There were 1,163 housing units, of which 17.5% were vacant. Among occupied housing units, 69.1% were owner-occupied and 30.9% were renter-occupied. The homeowner vacancy rate was 1.9% and the rental vacancy rate was 8.0%.

Racial composition as of the 2020 census
| Race | Percent |
|---|---|
| White | 78.0% |
| Black or African American | 0.8% |
| American Indian and Alaska Native | 7.3% |
| Asian | 0.3% |
| Native Hawaiian and Other Pacific Islander | 0% |
| Some other race | 2.0% |
| Two or more races | 11.6% |
| Hispanic or Latino (of any race) | 4.6% |

===2000 census===

As of the 2000 census, 2,786 people, 1,132 households, and 776 families were residing in the city. The population density was 197.4 PD/sqmi. The 1,369 housing units had an average density of 97.0 /sqmi. The racial makeup of the city was 87.08% White, 0.93% African American, 7.47% Native American, 0.11% Asian, 0.90% from other races, and 3.52% from two or more races. Hispanics or Latinos of any race were 1.54% of the population.
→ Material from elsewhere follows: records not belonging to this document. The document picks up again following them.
(* Let $V$ and $V'$ be left vector spaces over fields $K$ and $K'$ respectively (arbitrary, possibly infinite, dimensions), with $\mathcal G\neq\emptyset$ and $\mathcal G'\neq\emptyset$. If $\phi:\mathcal G\to\mathcal G'$ is an isomorphism of distant graphs (a bijection such that for all $X,Y\in\mathcal G$: $X\oplus Y=V$ if and only if $X^\phi\oplus Y^\phi=V'$), then $\phi$ is also an isomorphism of Grassmann graphs (for all $X,Y\in\mathcal G$: $X\sim Y$ if and only if $X^\phi\sim Y^\phi$).
   Context: Fields are not necessarily commutative (division rings). For a left vector space $V$ over $K$, $\mathcal G$ denotes the set of all subspaces $X\le V$ such that $X$ is isomorphic to $V/X$; $\mathcal G'$ is defined likewise for $V'$. Two elements $X,Y\in\mathcal G$ are distant if $X\oplus Y=V$. They are adjacent ($X\sim Y$) if $\dim((X+Y)/X)=\dim((X+Y)/Y)=1$. The distant graph on $\mathcal G$ has vertex set $\mathcal G$ and edges the unordered pairs of distant elements; the Grassmann graph on $\mathcal G$ has vertex set $\mathcal G$ and edges the pairs of adjacent elements. *)

(* Division rings: unitRingType in which every nonzero element
   is a unit; left vector spaces: lmodType K (left scalar action *:). *)
From HB Require Import structures.
From mathcomp Require Import all_boot all_order all_algebra.
Set Implicit Arguments. Unset Strict Implicit. Unset Printing Implicit Defensive.
Import GRing.Theory.
Local Open Scope ring_scope.

Definition division_ring (K : unitRingType) : Prop :=
  forall x : K, x != 0 -> x \is a GRing.unit.

Section Subspaces.
Variables (K : unitRingType) (V : lmodType K).

Definition subspace (X : V -> Prop) : Prop :=
  [/\ X 0, (forall u v, X u -> X v -> X (u + v)) & (forall (a : K) v, X v -> X (a *: v))].

Definition sumsp (X Y : V -> Prop) : V -> Prop :=
  fun v => exists x y, [/\ X x, Y y & v = x + y].

Definition span1 (v : V) : V -> Prop := fun w => exists a : K, w = a *: v.

(* X is isomorphic to V/X: there is a K-linear map V -> V with image X and
   kernel X (so that V/X ≅ im f = X by the first isomorphism theorem). *)
Definition iso_to_quotient (X : V -> Prop) : Prop :=
  exists f : V -> V,
    [/\ (forall u v, f (u + v) = f u + f v),
        (forall (a : K) v, f (a *: v) = a *: f v),
        (forall w, X w <-> exists v, w = f v) &
        (forall v, f v = 0 <-> X v)].
(* In a strongly causal, digitalizable OPT, let $\Psi\in\mathsf{St}_1(\mathrm{A}\mathrm{B})$ and let $\rho=(\mathcal I_{\mathrm{A}}\boxtimes e_{\mathrm{B}})\Psi\in\mathsf{St}_1(\mathrm{A})$ and $\sigma=(e_{\mathrm{A}}\boxtimes\mathcal I_{\mathrm{B}})\Psi\in\mathsf{St}_1(\mathrm{B})$ be its marginals. Then $I(\Psi)\le I(\rho)+I(\sigma)$.
   Context: Framework (operational probabilistic theory, OPT): each system $\mathrm{A}$ has a set of states $\mathsf{St}(\mathrm{A})$ (normalized/deterministic ones $\mathsf{St}_1(\mathrm{A})$), effects $\mathsf{Eff}(\mathrm{A})$, and transformations $\mathsf{Tr}(\mathrm{A}\to\mathrm{B})$ (deterministic ones, i.e. channels, $\mathsf{Tr}_1(\mathrm{A}\to\mathrm{B})$); transformations compose sequentially ($\circ$) and in parallel ($\boxtimes$), $\mathrm{A}\mathrm{B}$ is the composite system, $\mathrm{I}$ the trivial system, and $(a|\rho)\in[0,1]$ the probability of effect $a$ on state $\rho$. A test is a collection of events summing to a channel. The theory is strongly causal: for every test $\{\mathcal A_i\}$ and family of tests $\{\mathcal B^i_j\}_j$ indexed by $i$, $\{\mathcal B^i_j\circ\mathcal A_i\}_{i,j}$ is a test; in particular every system has a unique deterministic effect $e_{\mathrm{A}}$. Operational norm: $\|\delta\|_{\rm op}:=\sup_{a\in\mathsf{Eff}(\mathrm{A})}((2a-e_{\mathrm{A}})|\delta)$ on the real span of states. A dilation of $\rho\in\mathsf{St}(\mathrm{A})$ is a state $\Psi\in\mathsf{St}(\mathrm{A}\mathrm{C})$, for some system $\mathrm{C}$, with $(\mathcal I_{\mathrm{A}}\boxtimes e_{\mathrm{C}})\Psi=\rho$; $D_\rho$ is the set of all dilations of $\rho$. A refinement of a state $\Omega$ is a collection $\{\Psi_i\}$ of states that is a subset of some preparation test and satisfies $\sum_i\Psi_i=\Omega$. Digitalizability: there is a system $\mathrm{O}$ (an obit) such that for every system $\mathrm{X}$ there exist $k<\infty$ and channels $\mathcal C:\mathrm{X}\to\mathrm{O}^{\boxtimes k}$, $\mathcal F:\mathrm{O}^{\boxtimes k}\to\mathrm{X}$ with $\mathcal F\circ\mathcal C=\mathcal I_{\mathrm{X}}$. Information content: for $\rho\in\mathsf{St}_1(\mathrm{A})$ and positive integers $N,M$, a compression scheme is a pair $\mathcal E\in\mathsf{Tr}_1(\mathrm{A}^{\boxtimes N}\to\mathrm{O}^{\boxtimes M})$, $\mathcal D\in\mathsf{Tr}_1(\mathrm{O}^{\boxtimes M}\to\mathrm{A}^{\boxtimes N})$. $E_{N,M,\varepsilon}(\rho)$ is the set of schemes with $\sup_{\mathrm{C},\{\Psi_i\}}\sum_i\|((\mathcal D\circ\mathcal E)\boxtimes\mathcal I_{\mathrm{C}})\Psi_i-\Psi_i\|_{\rm op}<\varepsilon$, the supremum over all systems $\mathrm{C}$ and all refinements $\{\Psi_i\}\subseteq\mathsf{St}(\mathrm{A}^{\boxtimes N}\mathrm{C})$ of dilations of $\rho^{\boxtimes N}$. $R_{N,\varepsilon}(\rho):=\min\{M:E_{N,M,\varepsilon}(\rho)\ne\emptyset\}/N$, $I(\rho):=\lim_{\varepsilon\to0}\limsup_{N\to\infty}R_{N,\varepsilon}(\rho)$. For a state of $\mathrm{A}\mathrm{B}$, $(\mathrm{A}\mathrm{B})^{\boxtimes N}$ is identified with $\mathrm{A}^{\boxtimes N}\mathrm{B}^{\boxtimes N}$. *)

From HB Require Import structures.
From mathcomp Require Import all_boot all_order all_algebra.
From mathcomp Require Import classical_sets boolp reals ereal topology normedtype sequences.
Set Implicit Arguments. Unset Strict Implicit. Unset Printing Implicit Defensive.
Import Order.TTheory GRing.Theory Num.Theory.
Local Open Scope ring_scope.
Lemma negligible_geometric d (T : measurableType d) (R : realType)
    (mu : {measure set T -> \bar R}) (S : set T) (E : nat -> set T) (q : R) :
  0 <= q -> q < 1 -> (forall n, measurable (E n)) -> (forall n, S `<=` E n) ->
  (forall n, (mu (E n) <= (q ^+ n)%:E)%E) -> mu.-negligible S.
Proof.
move=> q0 q1 mE SE Eq.
have mcapE : measurable (\bigcap_n E n) by exact: bigcapT_measurable.
exists (\bigcap_n E n); split => //; last by move=> t St n _; exact: SE.
have capE_le n : (mu (\bigcap_n E n) <= (q ^+ n)%:E)%E.
  apply: le_trans (Eq n); apply: le_measure; rewrite ?inE //.
  exact: bigcap_inf.
have capE_fin : mu (\bigcap_n E n) \is a fin_num.
  by rewrite ge0_fin_numE // (le_lt_trans (capE_le 0%N)) // ltry.
apply/eqP; rewrite -measure_le0.
rewrite -[X in (X <= _)%E](fineK capE_fin) lee_fin.
by apply: (le0_of_le_expr q0 q1) => n; rewrite -lee_fin fineK.
Qed.

Lemma negligible_bigcup_countable d (T : measurableType d) (R : realType)
    (mu : {measure set T -> \bar R}) (I : Type) (J : set I) (F : I -> set T) :
  countable J -> (forall i, J i -> mu.-negligible (F i)) ->
  mu.-negligible (\bigcup_(i in J) F i).
Proof.
move=> /countable_injP[g ginj] Fnegl.
pose G n := \bigcup_(i in J `&` g @^-1` [set n]) F i.
apply: (@negligibleS _ _ _ _ (\bigcup_n G n)).
  by move=> t [i Ji Fit]; exists (g i) => //; exists i.
apply: negligible_bigcup => n.
have [[i [Ji gin]]|noi] := pselect (exists i, J i /\ g i = n).
  apply: negligibleS (Fnegl i Ji) => t [j [Jj gjn] Fjt].
  by have -> : i = j by apply: ginj; rewrite ?inE // gin gjn.
apply: negligibleS (negligible_set0 mu) => t [j [Jj gjn] _].
by apply: noi; exists j.
Qed.

Lemma measure_bigsetU_le d (T : measurableType d) (R : realType)
    (mu : {measure set T -> \bar R}) (J : Type) (r : seq J) (F : J -> set T) :
  (forall j, measurable (F j)) ->
  (mu (\big[setU/set0]_(j <- r) F j) <= \sum_(j <- r) mu (F j))%E.
Proof.
move=> mF; elim: r => [|j r IH]; first by rewrite !big_nil measure0.
rewrite !big_cons; apply: le_trans (measureU2 _ (mF j) _) _.
  exact: bigsetU_measurable.
by rewrite leeD2l.
Qed.

Lemma measurable_rectangle (I : Type) dK (K : measurableType dK) m
    (idx : 'I_m -> I) (Bs : 'I_m -> set K) :
  (forall j, measurable (Bs j)) ->
  measurable [set F : prodspace I K | forall j, Bs j (F (idx j))].
Proof.
move=> mBs.
have -> : [set F : prodspace I K | forall j, Bs j (F (idx j))] =
    \bigcap_(j in setT) ((fun F => F (idx j)) @^-1` Bs j).
  by apply/seteqP; split => F /= FB j; [move=> _; exact: FB | exact: (FB j)].
apply: fin_bigcap_measurable => // j _; apply: sub_sigma_algebra.
by exists (idx j), (Bs j).
Qed.

Section product_measure_agreement.
Variables (R : realType) (I : Type) (dK : measure_display)
  (K : measurableType dK) (muK : probability K R)
  (P : probability (prodspace I K) R).
Hypothesis HP : is_product_measure muK P.
Variables (B : set K) (mB : measurable B).

Local Notation p := (fine (muK B)).

Let side (b : bool) : set K := if b then B else ~` B.
Let side_prob (b : bool) : R := if b then p else 1 - p.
Of the 1,132 households, 29.9% had children under 18 living with them, 54.7% were married couples living together, 10.8% had a female householder with no husband present, and 31.4% were not families. About 28.4% of all households were made up of individuals, and 15.1% had someone living alone who was 65 or older. The average household size was 2.39 and the average family size was 2.92.

In the city, the age distribution was 24.0% under 18, 9.0% from 18 to 24, 25.9% from 25 to 44, 22.8% from 45 to 64, and 18.4% who were 65 or older. The median age was 40 years. For every 100 females, there were 90.8 males. For every 100 females 18 and over, there were 88.7 males.
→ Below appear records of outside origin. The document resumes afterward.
(* A total order on exponents compatible with addition; it need not be a
   well-order, since only finitely many exponents are ever compared. *)
Section MonomialOrder.
Variable mlt : rel Exp.
Hypothesis mltxx : forall a, mlt a a = false.
Hypothesis mlt_trans : forall a b c, mlt a b -> mlt b c -> mlt a c.
Hypothesis mlt_total : forall a b, a != b -> mlt a b || mlt b a.
Hypothesis mltD2r : forall a b c, mlt a b -> mlt (a + c) (b + c).

Let mle a b := (a == b) || mlt a b.

Lemma mlt_neq a b : mlt a b -> a != b.
Proof. by apply: contraTneq => ->; rewrite mltxx. Qed.

Lemma mle_mlt_trans a b c : mle a b -> mlt b c -> mlt a c.
Proof. by case/orP => [/eqP -> //|]; apply: mlt_trans. Qed.

Lemma mlt_mle_trans a b c : mlt a b -> mle b c -> mlt a c.
Proof. by move=> ab; case/orP => [/eqP <- //|]; apply: mlt_trans. Qed.

Lemma mle_trans a b c : mle a b -> mle b c -> mle a c.
Proof. by case/orP => [/eqP -> //|ab bc]; rewrite /mle (mlt_mle_trans ab bc) orbT. Qed.

Lemma mltD2l a b c : mlt a b -> mlt (c + a) (c + b).
Proof. by rewrite ![c + _]addrC; apply: mltD2r. Qed.

Lemma mleD2r a b c : mle a b -> mle (a + c) (b + c).
Proof. by case/orP => [/eqP -> |ab]; rewrite /mle ?eqxx // mltD2r ?orbT. Qed.

Lemma mleD2l a b c : mle a b -> mle (c + a) (c + b).
Proof. by case/orP => [/eqP -> |ab]; rewrite /mle ?eqxx // mltD2l ?orbT. Qed.

Lemma mleD a b c d : mle a b -> mle c d -> mle (a + c) (b + d).
Proof. by move=> ab cd; apply: (@mle_trans _ (b + c)); [apply: mleD2r | apply: mleD2l]. Qed.

Lemma mlt_mleD a b c d : mlt a b -> mle c d -> mlt (a + c) (b + d).
Proof. by move=> ab cd; apply: (@mlt_mle_trans _ (b + c)); [apply: mltD2r | apply: mleD2l]. Qed.

Lemma exists_mle_max (s : seq Exp) : s != [::] ->
  exists2 b, b \in s & forall a, a \in s -> mle a b.
Proof.
elim: s => [//|a s IH] _.
have [->|/IH [b bs bmax]] := eqVneq s [::].
  by exists a => [|e]; rewrite ?inE // => /eqP ->; rewrite /mle eqxx.
have [->|ab] := eqVneq a b.
  by exists b => [|e]; rewrite ?inE ?eqxx // => /orP [/eqP ->|/bmax]; rewrite /mle ?eqxx.
case/orP: (mlt_total ab) => [lt_ab|lt_ba].
  exists b => [|e]; rewrite ?inE ?bs ?orbT // => /orP [/eqP ->|/bmax //].
  by rewrite /mle lt_ab orbT.
exists a => [|e]; rewrite ?inE ?eqxx // => /orP [/eqP ->|/bmax eb].
  by rewrite /mle eqxx.
by rewrite /mle (mle_mlt_trans eb lt_ba) orbT.
Qed.

Definition exps_le f c := forall e, coef e f != 0 -> mle e c.

Lemma exps_le_coef f c e : exps_le f c -> mlt c e -> coef e f = 0.
Proof.
move=> fc ce; apply/eqP; apply: contraT => /fc ec.
by move: (mle_mlt_trans ec ce); rewrite mltxx.
Qed.

Lemma exps_le_lt f c e : exps_le f c -> e != c -> coef e f != 0 -> mlt e c.
Proof. by move=> fc ec /fc /orP [/eqP E|//]; rewrite E eqxx in ec. Qed.

Lemma exists_exps_le f : f != 0 -> exists c, coef c f != 0 /\ exps_le f c.
Proof.
move=> f0; have : [seq e <- supp f | coef e f != 0] != [::].
  apply: contraNneq f0 => E; apply/eqP; apply: coef_eq0 => a.
  apply/eqP; apply: contraT => fa.
  have : a \in [seq e <- supp f | coef e f != 0] by rewrite mem_filter fa mem_supp.
  by rewrite E.
case/exists_mle_max => c; rewrite mem_filter => /andP [fc _] cmax.
by exists c; split => // e fe; apply: cmax; rewrite mem_filter fe mem_supp.
Qed.

Section Product.
Variables (f h : L) (c c' : Exp).
Hypotheses (fc : exps_le f c) (hc' : exps_le h c').

Lemma exps_le_mul : exps_le (f * h) (c + c').
Proof.
move=> d; rewrite coef_mul => /sum_neq0 [e] /sum_neq0 [e'].
have [-> |fe] := eqVneq (coef e f) 0; first by rewrite !mul0r eqxx.
have [-> |he'] := eqVneq (coef e' h) 0; first by rewrite mulr0 mul0r eqxx.
have [<- _|_] := eqVneq (e + e') d; last by rewrite mulr0 eqxx.
by apply: mleD; [apply: fc | apply: hc'].
Qed.

Lemma coef_mul_top : coef (c + c') (f * h) = coef c f * coef c' h.
Proof.
rewrite coef_mul (@sum_only1_seq _ _ _ _ c) ?supp_uniq //.
- rewrite (@sum_only1_seq _ _ _ _ c') ?supp_uniq ?eqxx ?mulr1 //.
    move=> e' ne'; have [-> |he'] := eqVneq (coef e' h) 0; first by rewrite mulr0 mul0r.
    by rewrite (negbTE (mlt_neq (mltD2l c (exps_le_lt hc' ne' he')))) mulr0.
  by move=> /coef_notin_supp ->; rewrite mulr0.
- move=> e ne; rewrite big1 // => e' _.
  have [-> |fe] := eqVneq (coef e f) 0; first by rewrite !mul0r.
  have [-> |he'] := eqVneq (coef e' h) 0; first by rewrite mulr0 mul0r.
  by rewrite (negbTE (mlt_neq (mlt_mleD (exps_le_lt fc ne fe) (hc' he')))) mulr0.
- by move=> /coef_notin_supp ->; rewrite big1 // => e' _; rewrite !mul0r.
Qed.

End Product.

Lemma laurent_mulf_neq0 (f h : L) : f != 0 -> h != 0 -> f * h != 0.
Proof.
move=> /exists_exps_le [c [fc0 fc]] /exists_exps_le [c' [hc0 hc]].
apply: contraNneq (mulf_neq0 fc0 hc0) => fh0.
by rewrite -coef_mul_top // fh0 coef0.
Qed.

Section LocallyFiniteDerivation.
Variable D : L -> L.
Hypothesis HD : is_derivation D.
Hypothesis char0 : [pchar K] =i pred0.
Hypothesis D_lf : locally_finite D.

(* If [b] bounds the exponents of every [logder D (x j)], then
   [shift_weight b c] is the coefficient of [x^(c+b)] in [D x^c]. *)
Definition shift_weight b (c : Exp) : K := \sum_(j < n) (c j)%:~R * coef b (logder D (x j)).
The median income for a household in the city was $23,550, and for a family was $29,363. Males had a median income of $25,636 versus $20,865 for females. The per capita income for the city was $12,842. About 16.8% of families and 21.5% of the population were below the poverty line, including 28.1% of those under 18 and 13.2% of those 65 or over.
==Notable people==
- Emmy Award-winning actress Rue McClanahan was born in Healdton.
- University of Oklahoma women's head basketball coach Sherri Coale is from Healdton.

==Museums and historic buildings==
The Healdton Oil Museum at 10734 Hwy 76 gives a glimpse into the oil boom days of Carter County.

The Healdton Armory at the junction of 4th and Franklin Sts. is NRHP-listed.

==Medical services==
Healdton is a regional medical provider, with Mercy Hospital Healdton dispensing critical-access hospital care in rural Carter, Jefferson, and Stephens Counties in southern Oklahoma.